PITTSBURGHFour cycles of doxorubicin (Adriamycin) and cyclophosphamide (AC) over 63 days are as effective as six cycles of cyclophosphamide, methotrexate, and fluorouracil (CMF) over 6 months in node-negative, early- stage breast cancer, Bernard Fisher, MD, reported at the ASCO annual meeting.
Dr. Fisher presented data from National Surgical Adjuvant Breast and Bowel Project (NSABP) protocol B-23. Those data also showed that tamoxifen (Nolvadex) offered no additional benefit to these patients, all of whom had estrogen-receptor (ER)-negative tumors.
One objective of the study was to determine conclusively whether node-negative, ER-negative women should get tamoxifen, Dr. Fisher explained. There was no benefit from tamoxifen for ER-negative, node-negative patients, he reported.
Dr. Fisher said there was no difference in outcomes with CMF vs AC. So far, NSABP studies have shown that premenopausal, postmenopausal, node-negative, node-positive, ER-negative, and ER-positive women are all candidates for AC. There has been a swing toward using AC, and these findings should accelerate that trend.
The investigators randomized 1,003 women to AC and 1,005 to CMF. Dr. Fisher noted that it was gratifying to see that more patients with early-stage disease, particularly those with small tumors, had undergone lumpectomy rather than mastectomy. Dr. Fisher was instrumental in the development of breast-conserving surgery for early-stage breast cancer.

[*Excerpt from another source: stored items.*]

(* Let $f:[0,\infty)\to[0,\infty)$ be continuously differentiable with $f>0$ on $[t_0,\infty)$ for some $t_0\ge0$ and $f\in C^2([t_0,\infty))$, let $g=\log f$ on $[t_0,\infty)$, and assume condition (H1) of the context. Then for every $M>0$, $$\lim_{t\to\infty}\sup_{-M\le y\le M}\left|\frac{g'\big(t+\frac{y}{g'(t)}\big)}{g'(t)}-1\right|=0.$$
   Context: Condition (H1): (i) $g'(t)>0$ and $g''(t)>0$ for all $t\ge t_0$, and there is a pair $(q,p)$ with either $q=1$ and $p\in(0,\infty]$, or $q\in(1,\infty)$ and $p\in(0,\infty)$, such that $\lim_{t\to\infty}\frac{g'(t)^2}{g(t)g''(t)}=q$ and $\lim_{t\to\infty}\frac{tg'(t)}{g(t)}=p$; (ii) if $q=1$, then $tg'(t)/g(t)$ is nondecreasing on $[t_0,\infty)$ and there exist $k\in\mathbb{N}$ and $\hat g\in C^2([t_0,\infty))$ with $f=\exp_k\circ\hat g$ and $\hat g'/\hat g$ nonincreasing on $[t_0,\infty)$ ($\exp_1=\exp$, $\exp_k=\exp_{k-1}\circ\exp$). *)

From Stdlib Require Import Reals.
From Coquelicot Require Import Coquelicot.
Open Scope R_scope.

Definition expk (k : nat) (x : R) : R := Nat.iter k exp x.

(* h is C^2 on [t0, oo) (derivatives taken two-sided at every t >= t0). *)
Definition C2_on (h : R -> R) (t0 : R) : Prop :=
  forall t, t0 <= t ->
    ex_derive h t /\ ex_derive (Derive h) t /\ continuous (Derive (Derive h)) t.

Definition H1 (f : R -> R) (t0 : R) : Prop :=
  let g  := fun t => ln (f t) in
  let g1 := Derive g in
  let g2 := Derive g1 in
  (forall t, t0 <= t -> 0 < g1 t /\ 0 < g2 t) /\
  exists (q : R) (p : Rbar),
    is_lim (fun t => g1 t ^ 2 / (g t * g2 t)) p_infty q /\
    is_lim (fun t => t * g1 t / g t) p_infty p /\
    ((q = 1 /\ Rbar_lt 0 p) \/ (1 < q /\ exists pr : R, p = Finite pr /\ 0 < pr)) /\
    (q = 1 ->
      (forall s t, t0 <= s -> s <= t -> s * g1 s / g s <= t * g1 t / g t) /\
      exists k : nat, (1 <= k)%nat /\
      exists gh : R -> R, C2_on gh t0 /\
        (forall t, t0 <= t -> f t = expk k (gh t)) /\
        (forall s t, t0 <= s -> s <= t -> Derive gh t / gh t <= Derive gh s / gh s)).

(* Since g1 is positive and increasing, g grows at
   least linearly, and the ratio g1^2 / (g g2), which tends to q >= 1, is
   eventually bounded below; hence (1 / g1)' = - g2 / g1^2 tends to 0.  For
   s = t + y / g1 t the mean value theorem then gives
   |g1 t / g1 s - 1| <= sup |(1 / g1)'| * |y|, uniformly small for |y| <= M.
   Only (H1)(i) and q > 0 are needed. *)

From Stdlib Require Import Reals Lra.
From Coquelicot Require Import Coquelicot.
Open Scope R_scope.

Lemma derive_ge_lower_bound (h dh : R -> R) (c s t : R) :
  s <= t ->
  (forall x, s <= x <= t -> is_derive h x (dh x) /\ c <= dh x) ->
  h s + c * (t - s) <= h t.
Proof.
  intros Hst Hh.
  destruct (Rle_lt_or_eq_dec s t Hst) as [Hlt | ->]; [| lra].
  destruct (MVT_cor3 h dh s t) as [x [Hsx [Hxt ->]]]; [lra | |].
  - intros x Hsx Hxt. apply is_derive_Reals, Hh. lra.
  - assert (c <= dh x) by (apply Hh; lra). nra.
Qed.

Lemma Rabs_sub1_le_of_inv (u e : R) :
  0 < u -> Rabs (/ u - 1) <= e -> e <= 1 / 2 -> Rabs (u - 1) <= 2 * e.
Proof.
  intros Hu Hinv He.
  assert (Hu2 : u <= 2).
  { apply Rabs_le_between in Hinv.
    assert (u * / u = 1) by (field; lra). nra. }
  replace (u - 1) with (- u * (/ u - 1)) by (field; lra).
  rewrite Rabs_mult, Rabs_Ropp, (Rabs_pos_eq u) by lra.
  assert (0 <= Rabs (/ u - 1)) by apply Rabs_pos. nra.
Qed.

Lemma filterlim_Lub_Rbar_0 {T : Type} (F : (T -> Prop) -> Prop) {FF : Filter F}
    (E : T -> R -> Prop) :
  (forall eps : posreal,
      F (fun t => (exists z, E t z) /\ forall z, E t z -> Rabs z <= eps)) ->
  filterlim (fun t => Lub_Rbar (E t)) F (Rbar_locally (Finite 0)).
Proof.
  intros Hsmall P [eps HP].
  unfold filtermap. refine (filter_imp _ _ _ (Hsmall (pos_div_2 eps))).
  intros t [[z Hz] Hbound].
  destruct (Lub_Rbar_correct (E t)) as [Hub Hleast].
  assert (Hle : Rbar_le (Lub_Rbar (E t)) (eps / 2)).
  { apply Hleast. intros w Hw. exact (proj2 (proj1 (Rabs_le_between _ _) (Hbound w Hw))). }
  assert (Hge : Rbar_le z (Lub_Rbar (E t))) by (apply Hub; exact Hz).
  assert (Hz_lb := proj1 (proj1 (Rabs_le_between _ _) (Hbound z Hz))).
  destruct (Lub_Rbar (E t)) as [l | |]; simpl in Hle, Hge; try contradiction.
  apply HP. change (Rabs (l - 0) < eps).
  apply Rabs_def1; simpl in *; destruct eps; simpl in *; lra.
Qed.

Lemma is_derive_ln_comp (f : R -> R) (x : R) :
  ex_derive f x -> 0 < f x -> is_derive (fun s => ln (f s)) x (Derive f x / f x).
Proof.
  intros Hf Hpos. auto_derive; [tauto |].
  change (fun y => f y) with f. field. lra.
Qed.

Lemma ex_derive_Derive_ln_comp (f : R -> R) (t0 x : R) :
  (forall y, t0 <= y -> ex_derive f y /\ 0 < f y) ->
  t0 < x -> ex_derive (Derive f) x ->
  ex_derive (Derive (fun s => ln (f s))) x.
Proof.
  intros Hf Hx Hf'.
  apply ex_derive_ext_loc with (fun s => Derive f s / f s).
  - apply (filter_imp (fun y => t0 < y)); [| exact (open_gt t0 x Hx)].
    intros y Hy. destruct (Hf y) as [Hdy Hpy]; [lra |].
    symmetry. exact (is_derive_unique _ _ _ (is_derive_ln_comp f y Hdy Hpy)).
  - destruct (Hf x) as [Hdx Hpx]; [lra |].
    apply ex_derive_div; [exact Hf' | exact Hdx | lra].
Qed.

Section UniformShift.

Variables (g g1 g2 : R -> R) (a : R).
Hypothesis g_deriv : forall x, a <= x -> is_derive g x (g1 x).
Hypothesis g1_deriv : forall x, a <= x -> is_derive g1 x (g2 x).
Hypothesis g1_pos : forall x, a <= x -> 0 < g1 x.
Hypothesis g2_pos : forall x, a <= x -> 0 < g2 x.
Hypothesis ratio_eventually_gt :
  exists rho, 0 < rho /\
    Rbar_locally p_infty (fun x => rho < g1 x ^ 2 / (g x * g2 x)).

Lemma g1_ge (x : R) : a <= x -> g1 a <= g1 x.
Proof.
  intros Hx.
  enough (g1 a + 0 * (x - a) <= g1 x) by lra.
  apply (derive_ge_lower_bound g1 g2); [lra |].
  intros u Hu. split; [apply g1_deriv | left; apply g2_pos]; lra.
Qed.

Lemma g_ge_affine (x : R) : a <= x -> g a + g1 a * (x - a) <= g x.
Proof.
  intros Hx. apply (derive_ge_lower_bound g g1); [lra |].
  intros u Hu. split; [apply g_deriv | apply g1_ge]; lra.
Qed.

Lemma g_eventually_gt (K : R) : Rbar_locally p_infty (fun x => K < g x).
Proof.
  assert (Ha := g1_pos a (Rle_refl a)).
  exists (Rmax a (a + (K - g a) / g1 a)). intros x Hx.
  assert (Hxa : a < x) by (eapply Rle_lt_trans; [apply Rmax_l | exact Hx]).
  assert (HxK : (K - g a) / g1 a < x - a)
    by (assert (H := Rle_lt_trans _ _ _ (Rmax_r _ _) Hx); lra).
  assert (Hmul : (K - g a) / g1 a * g1 a = K - g a) by (field; lra).
  assert (Hg := g_ge_affine x (Rlt_le _ _ Hxa)). nra.
Qed.

Lemma g2_div_g1_sq_eventually_le (delta : R) :
  0 < delta -> Rbar_locally p_infty (fun x => g2 x / g1 x ^ 2 <= delta).
Proof.
  intros Hdelta. destruct ratio_eventually_gt as [rho [Hrho Hratio]].
  assert (Hrd : 0 < rho * delta) by nra.
  apply (filter_imp (fun x => (a <= x /\ rho < g1 x ^ 2 / (g x * g2 x))
                              /\ / (rho * delta) < g x)).
  - intros x [[Hx Hr] Hg].
    assert (H1 := g1_pos x Hx). assert (H2 := g2_pos x Hx).
    assert (Hgpos : 0 < g x) by (assert (0 < / (rho * delta)) by (apply Rinv_0_lt_compat; lra); lra).
    assert (Hsq : rho * (g x * g2 x) < g1 x ^ 2).
    { assert (Hm : g1 x ^ 2 / (g x * g2 x) * (g x * g2 x) = g1 x ^ 2) by (field; lra).
      assert (0 < g x * g2 x) by nra. nra. }
    assert (Hgd : 1 < rho * delta * g x).
    { assert (Hm : / (rho * delta) * (rho * delta) = 1) by (field; lra). nra. }
    apply Rle_div_l; [nra |]. nra.
  - apply filter_and; [apply filter_and; [exists a; intros; lra | exact Hratio] |].
    apply g_eventually_gt.
Qed.

Lemma g1_shift_close (t y delta : R) :
  (forall u, Rabs (u - t) <= Rabs (y / g1 t) -> a <= u /\ g2 u / g1 u ^ 2 <= delta) ->
  a <= t -> delta * Rabs y <= 1 / 2 ->
  Rabs (g1 (t + y / g1 t) / g1 t - 1) <= 2 * (delta * Rabs y).
Proof.
  intros Hball Ht Hsmall.
  set (s := t + y / g1 t).
  assert (Hgt := g1_pos t Ht).
  assert (Hs : a <= s) by (apply (Hball s); unfold s; right; f_equal; ring).
  assert (Hgs := g1_pos s Hs).
  assert (Hmvt : Rabs (/ g1 s - / g1 t) <= delta * Rabs (s - t)).
  { apply (bounded_variation (fun u => / g1 u) (fun u => - g2 u / g1 u ^ 2) delta t s).
    intros u Hu. replace (s - t) with (y / g1 t) in Hu by (unfold s; ring).
    destruct (Hball u Hu) as [Hua Hdelta].
    split; [apply is_derive_inv; [apply g1_deriv | apply Rgt_not_eq, g1_pos]; exact Hua |].
    rewrite Rabs_left1; [unfold Rdiv in *; lra |].
    assert (0 < g2 u / g1 u ^ 2)
      by (apply Rdiv_lt_0_compat; [apply g2_pos | apply pow_lt, g1_pos]; exact Hua).
    unfold Rdiv in *; lra. }
  apply Rabs_sub1_le_of_inv; [apply Rdiv_lt_0_compat; lra | | lra].
  replace (/ (g1 s / g1 t) - 1) with ((/ g1 s - / g1 t) * g1 t) by (field; lra).
  replace (s - t) with (y * / g1 t) in Hmvt by (unfold s, Rdiv; ring).
  rewrite Rabs_mult, (Rabs_pos_eq (g1 t)) by lra.
  rewrite Rabs_mult, (Rabs_pos_eq (/ g1 t)) in Hmvt by (left; apply Rinv_0_lt_compat; lra).
  assert (Hc : / g1 t * g1 t = 1) by (field; lra).
  apply Rmult_le_compat_r with (r := g1 t) in Hmvt; [| lra].
  replace (delta * (Rabs y * / g1 t) * g1 t) with (delta * Rabs y) in Hmvt
    by (field; lra).
  exact Hmvt.
Qed.

Lemma g1_shift_ratio_uniform (M : R) (eps : posreal) :
  0 < M ->
  Rbar_locally p_infty (fun t =>
    forall y, -M <= y <= M -> Rabs (g1 (t + y / g1 t) / g1 t - 1) <= eps).
Proof.
  intros HM.
  set (m := Rmin (1 / 2) eps).
  assert (Hm : 0 < m) by (apply Rmin_glb_lt; [lra | apply cond_pos]).
  set (delta := m / (2 * M)).
  assert (Hdelta : 0 < delta) by (apply Rdiv_lt_0_compat; lra).
  assert (HdM : delta * M = m / 2) by (unfold delta; field; lra).
  assert (Ha := g1_pos a (Rle_refl a)).
  assert (Hr : 0 < M / g1 a) by (apply Rdiv_lt_0_compat; lra).
  destruct (g2_div_g1_sq_eventually_le delta Hdelta) as [T HT].
  exists (Rmax T a + M / g1 a). intros t Ht y Hy.
  assert (HTa : T <= Rmax T a /\ a <= Rmax T a) by (split; [apply Rmax_l | apply Rmax_r]).
  assert (Hta : a <= t) by lra.
  assert (Hyabs : Rabs y <= M) by (apply Rabs_le; lra).
  assert (Hstep : Rabs (y / g1 t) <= M / g1 a).
  { unfold Rdiv. rewrite Rabs_mult, (Rabs_pos_eq (/ g1 t))
      by (left; apply Rinv_0_lt_compat, g1_pos; lra).
    apply Rmult_le_compat; [apply Rabs_pos | left; apply Rinv_0_lt_compat, g1_pos; lra
                           | exact Hyabs |].
    apply Rinv_le_contravar; [lra | apply g1_ge; lra]. }
  assert (Hdy : delta * Rabs y <= m / 2)
    by (rewrite <- HdM; apply Rmult_le_compat_l; lra).
  assert (m <= 1 / 2 /\ m <= eps) by (split; [apply Rmin_l | apply Rmin_r]).
  apply Rle_trans with (2 * (delta * Rabs y)); [| lra].
  apply g1_shift_close; [| exact Hta | lra].
  intros u Hu. apply Rabs_le_between in Hu.
  split; [lra | apply HT; lra].
Qed.

End UniformShift.

Theorem lemma2p5 (f : R -> R) (t0 : R) :
  0 <= t0 ->
  (forall t, 0 <= t -> 0 <= f t) ->
  (forall t, 0 < t -> ex_derive f t /\ continuous (Derive f) t) ->
  (forall t, t0 <= t -> 0 < f t) ->
  C2_on f t0 ->
  H1 f t0 ->
  forall M : R, 0 < M ->
    filterlim
      (fun t => Lub_Rbar (fun z => exists y, -M <= y <= M /\
          z = Rabs (Derive (fun s => ln (f s)) (t + y / Derive (fun s => ln (f s)) t)
                    / Derive (fun s => ln (f s)) t - 1)))
      (Rbar_locally p_infty) (Rbar_locally (Finite 0)).
Proof.
  intros _ _ _ Hpos HC2 HH M HM.
  destruct HH as [Hsign [q [p [Hratio [_ [Hq _]]]]]].
  assert (Hf : forall y, t0 <= y -> ex_derive f y /\ 0 < f y)
    by (intros y Hy; split; [apply HC2 | apply Hpos]; exact Hy).
  set (g := fun s => ln (f s)) in *.
  assert (Hq_gt : 1 / 2 < q) by (destruct Hq as [[-> _] | [Hq _]]; lra).
  apply (filterlim_Lub_Rbar_0 (Rbar_locally p_infty)). intros eps.
  (* base point t0 + 1: differentiating Derive g needs a neighbourhood inside [t0, oo) *)
  refine (filter_imp _ _ _
           (g1_shift_ratio_uniform g (Derive g) (Derive (Derive g)) (t0 + 1)
              _ _ _ _ _ M eps HM)).
  - intros t Ht. split; [eexists; exists 0; split; [lra | reflexivity] |].
    intros z [y [Hy ->]]. rewrite Rabs_Rabsolu. exact (Ht y Hy).
  - intros x Hx. destruct (Hf x) as [Hdx Hpx]; [lra |].
    apply Derive_correct. eexists. exact (is_derive_ln_comp f x Hdx Hpx).
  - intros x Hx. apply Derive_correct, (ex_derive_Derive_ln_comp f t0); [exact Hf | lra |].
    apply HC2. lra.
  - intros x Hx. apply Hsign. lra.
  - intros x Hx. apply Hsign. lra.
  - exists (1 / 2). split; [lra |].
    exact (Hratio _ (open_gt _ _ Hq_gt)).
Qed.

Patients in B-23 were randomized to four cycles of AC at standard doses given over 63 days with placebo or with tamoxifen, or to 6 cycles of CMF at standard doses given over 6 months with placebo or with tamoxifen. The average time on study was 65 months (range, 13 to 105). Study endpoints were event-free survival (EFS), relapse-free survival (RFS), and overall survival (OS). These and average annual event and mortality rates were presented through 5 years of follow-up.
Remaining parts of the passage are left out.